Lemma fmul0 H x : entails H (EqF (FMul x FZero) FZero).
Proof.
  set (y := FMul x FZero).
  assert (E : entails H (EqF y (FAdd y y))).
  { eapply eqF_trans; [| apply fmulDr]. apply eqF_FMul; [apply eqF_refl| apply eqF_sym, fadd0]. }
  apply eqF_sym.
  eapply eqF_trans; [apply eqF_sym, (faddN H y)|].
  eapply eqF_trans; [apply eqF_FAdd; [exact E| apply eqF_refl]|].
  eapply eqF_trans; [apply faddA|].
  eapply eqF_trans; [apply eqF_FAdd; [apply eqF_refl| apply faddN]|].
  apply fadd0.
Qed.
Lemma fmul0l H x : entails H (EqF (FMul FZero x) FZero).
Proof. eapply eqF_trans; [apply fmulC| apply fmul0]. Qed.

Lemma fsub_eq0 H a b : entails H (EqF a b) -> entails H (EqF (FAdd a (FOpp b)) FZero).
Proof. intro E. eapply eqF_trans; [apply eqF_FAdd; [exact E| apply eqF_refl]| apply faddN]. Qed.

Lemma feq_of_sub0 H a b : entails H (EqF (FAdd a (FOpp b)) FZero) -> entails H (EqF a b).
Proof.
  intro E.
  eapply eqF_trans; [apply eqF_sym, fadd0|].
  eapply eqF_trans; [apply eqF_FAdd; [apply eqF_refl| apply eqF_sym, (faddN H b)]|].
  eapply eqF_trans; [apply eqF_FAdd; [apply eqF_refl| apply faddC]|].
  eapply eqF_trans; [apply eqF_sym, faddA|].
  eapply eqF_trans; [apply eqF_FAdd; [exact E| apply eqF_refl]|].
  apply fadd0l.
Qed.

Lemma fsub11 H : entails H (EqF (FAdd FOne (FOpp FOne)) FZero).
Proof. apply faddN. Qed.
Lemma fsub10 H : entails H (EqF (FAdd FOne (FOpp FZero)) FOne).
Proof.
  assert (N0 : entails H (EqF (FOpp FZero) FZero))
    by (eapply eqF_trans; [apply eqF_sym, fadd0l| apply faddN]).
  eapply eqF_trans; [apply eqF_FAdd; [apply eqF_refl| exact N0]| apply fadd0].
Qed.

Lemma iaddC H a b : entails H (EqI (IAdd a b) (IAdd b a)). Proof. ax. Qed.
Lemma iadd0 H a : entails H (EqI (IAdd a IZero) a). Proof. ax. Qed.
Lemma iadd0l H a : entails H (EqI (IAdd IZero a) a).
Proof. eapply eqI_trans; [apply iaddC| apply iadd0]. Qed.
Lemma le_refl H a : entails H (Le a a). Proof. ax. Qed.
Lemma le0 H a : entails H (Le IZero a). Proof. ax. Qed.
Lemma le_trans H a b c : entails H (Le a b) -> entails H (Le b c) -> entails H (Le a c).
Proof. intros A B. eapply entails_mp; [ax| apply entails_and; eauto]. Qed.
Lemma le_anti H a b : entails H (Le a b) -> entails H (Le b a) -> entails H (EqI a b).
Proof. intros A B. eapply entails_mp; [ax| apply entails_and; eauto]. Qed.
Lemma le_total H a b : entails H (Or (Le a b) (Le b a)). Proof. ax. Qed.
Lemma lt_add2r H a b u : entails H (Lt a b) -> entails H (Lt (IAdd a u) (IAdd b u)).
Proof. intros A. eapply entails_mp; [ax| exact A]. Qed.
Lemma lt_01 H : entails H (Lt IZero IOne). Proof. ax. Qed.
Lemma succ_le_of_lt H a b : entails H (Lt a b) -> entails H (Le (IAdd a IOne) b).
Proof. intros A. eapply entails_mp; [ax| exact A]. Qed.
Lemma ltW H a b : entails H (Lt a b) -> entails H (Le a b).
Proof. apply entails_andl. Qed.
Lemma lt_neq H a b : entails H (Lt a b) -> entails H (Not (EqI a b)).
Proof. apply entails_andr. Qed.
Lemma lt_of_le_neq H a b :
  entails H (Le a b) -> entails H (Not (EqI a b)) -> entails H (Lt a b).
Proof. apply entails_and. Qed.

Lemma le_of_eq H a b : entails H (EqI a b) -> entails H (Le a b).
Proof. intros E. eapply le_congr; [apply eqI_refl| exact E| apply le_refl]. Qed.

Lemma le_succ_succ H a b : entails H (Le a b) -> entails H (Le (IAdd a IOne) (IAdd b IOne)).
Proof.
  intros A. apply entails_cases with (EqI a b).
  - apply le_of_eq, eqI_IAdd; [apply entails_hyp| apply eqI_refl].
  - apply ltW, lt_add2r, lt_of_le_neq; [apply entails_weaken, A| apply entails_hyp].
Qed.

Lemma lt_of_not_le H a b : entails H (Not (Le a b)) -> entails H (Lt b a).
Proof.
  intros A. apply lt_of_le_neq.
  - eapply entails_tauto2; [| apply (le_total H a b)| exact A]. taut.
  - eapply entails_contrapos; [| exact A]. apply le_of_eq, eqI_sym, entails_hyp.
Qed.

—————

# Work item
Retype every entry above, word for word.

# Finished task
Lemma fmul0 H x : entails H (EqF (FMul x FZero) FZero).
Proof.
  set (y := FMul x FZero).
  assert (E : entails H (EqF y (FAdd y y))).
  { eapply eqF_trans; [| apply fmulDr]. apply eqF_FMul; [apply eqF_refl| apply eqF_sym, fadd0]. }
  apply eqF_sym.
  eapply eqF_trans; [apply eqF_sym, (faddN H y)|].
  eapply eqF_trans; [apply eqF_FAdd; [exact E| apply eqF_refl]|].
  eapply eqF_trans; [apply faddA|].
  eapply eqF_trans; [apply eqF_FAdd; [apply eqF_refl| apply faddN]|].
  apply fadd0.
Qed.
Lemma fmul0l H x : entails H (EqF (FMul FZero x) FZero).
Proof. eapply eqF_trans; [apply fmulC| apply fmul0]. Qed.

Lemma fsub_eq0 H a b : entails H (EqF a b) -> entails H (EqF (FAdd a (FOpp b)) FZero).
Proof. intro E. eapply eqF_trans; [apply eqF_FAdd; [exact E| apply eqF_refl]| apply faddN]. Qed.

Lemma feq_of_sub0 H a b : entails H (EqF (FAdd a (FOpp b)) FZero) -> entails H (EqF a b).
Proof.
  intro E.
  eapply eqF_trans; [apply eqF_sym, fadd0|].
  eapply eqF_trans; [apply eqF_FAdd; [apply eqF_refl| apply eqF_sym, (faddN H b)]|].
  eapply eqF_trans; [apply eqF_FAdd; [apply eqF_refl| apply faddC]|].
  eapply eqF_trans; [apply eqF_sym, faddA|].
  eapply eqF_trans; [apply eqF_FAdd; [exact E| apply eqF_refl]|].
  apply fadd0l.
Qed.

Lemma fsub11 H : entails H (EqF (FAdd FOne (FOpp FOne)) FZero).
Proof. apply faddN. Qed.
Lemma fsub10 H : entails H (EqF (FAdd FOne (FOpp FZero)) FOne).
Proof.
  assert (N0 : entails H (EqF (FOpp FZero) FZero))
    by (eapply eqF_trans; [apply eqF_sym, fadd0l| apply faddN]).
  eapply eqF_trans; [apply eqF_FAdd; [apply eqF_refl| exact N0]| apply fadd0].
Qed.

Lemma iaddC H a b : entails H (EqI (IAdd a b) (IAdd b a)). Proof. ax. Qed.
Lemma iadd0 H a : entails H (EqI (IAdd a IZero) a). Proof. ax. Qed.
Lemma iadd0l H a : entails H (EqI (IAdd IZero a) a).
Proof. eapply eqI_trans; [apply iaddC| apply iadd0]. Qed.
Lemma le_refl H a : entails H (Le a a). Proof. ax. Qed.
Lemma le0 H a : entails H (Le IZero a). Proof. ax. Qed.
Lemma le_trans H a b c : entails H (Le a b) -> entails H (Le b c) -> entails H (Le a c).
Proof. intros A B. eapply entails_mp; [ax| apply entails_and; eauto]. Qed.
Lemma le_anti H a b : entails H (Le a b) -> entails H (Le b a) -> entails H (EqI a b).
Proof. intros A B. eapply entails_mp; [ax| apply entails_and; eauto]. Qed.
Lemma le_total H a b : entails H (Or (Le a b) (Le b a)). Proof. ax. Qed.
Lemma lt_add2r H a b u : entails H (Lt a b) -> entails H (Lt (IAdd a u) (IAdd b u)).
Proof. intros A. eapply entails_mp; [ax| exact A]. Qed.
Lemma lt_01 H : entails H (Lt IZero IOne). Proof. ax. Qed.
Lemma succ_le_of_lt H a b : entails H (Lt a b) -> entails H (Le (IAdd a IOne) b).
Proof. intros A. eapply entails_mp; [ax| exact A]. Qed.
Lemma ltW H a b : entails H (Lt a b) -> entails H (Le a b).
Proof. apply entails_andl. Qed.
Lemma lt_neq H a b : entails H (Lt a b) -> entails H (Not (EqI a b)).
Proof. apply entails_andr. Qed.
Lemma lt_of_le_neq H a b :
  entails H (Le a b) -> entails H (Not (EqI a b)) -> entails H (Lt a b).
Proof. apply entails_and. Qed.

Lemma le_of_eq H a b : entails H (EqI a b) -> entails H (Le a b).
Proof. intros E. eapply le_congr; [apply eqI_refl| exact E| apply le_refl]. Qed.

Lemma le_succ_succ H a b : entails H (Le a b) -> entails H (Le (IAdd a IOne) (IAdd b IOne)).
Proof.
  intros A. apply entails_cases with (EqI a b).
  - apply le_of_eq, eqI_IAdd; [apply entails_hyp| apply eqI_refl].
  - apply ltW, lt_add2r, lt_of_le_neq; [apply entails_weaken, A| apply entails_hyp].
Qed.

Lemma lt_of_not_le H a b : entails H (Not (Le a b)) -> entails H (Lt b a).
Proof.
  intros A. apply lt_of_le_neq.
  - eapply entails_tauto2; [| apply (le_total H a b)| exact A]. taut.
  - eapply entails_contrapos; [| exact A]. apply le_of_eq, eqI_sym, entails_hyp.
Qed.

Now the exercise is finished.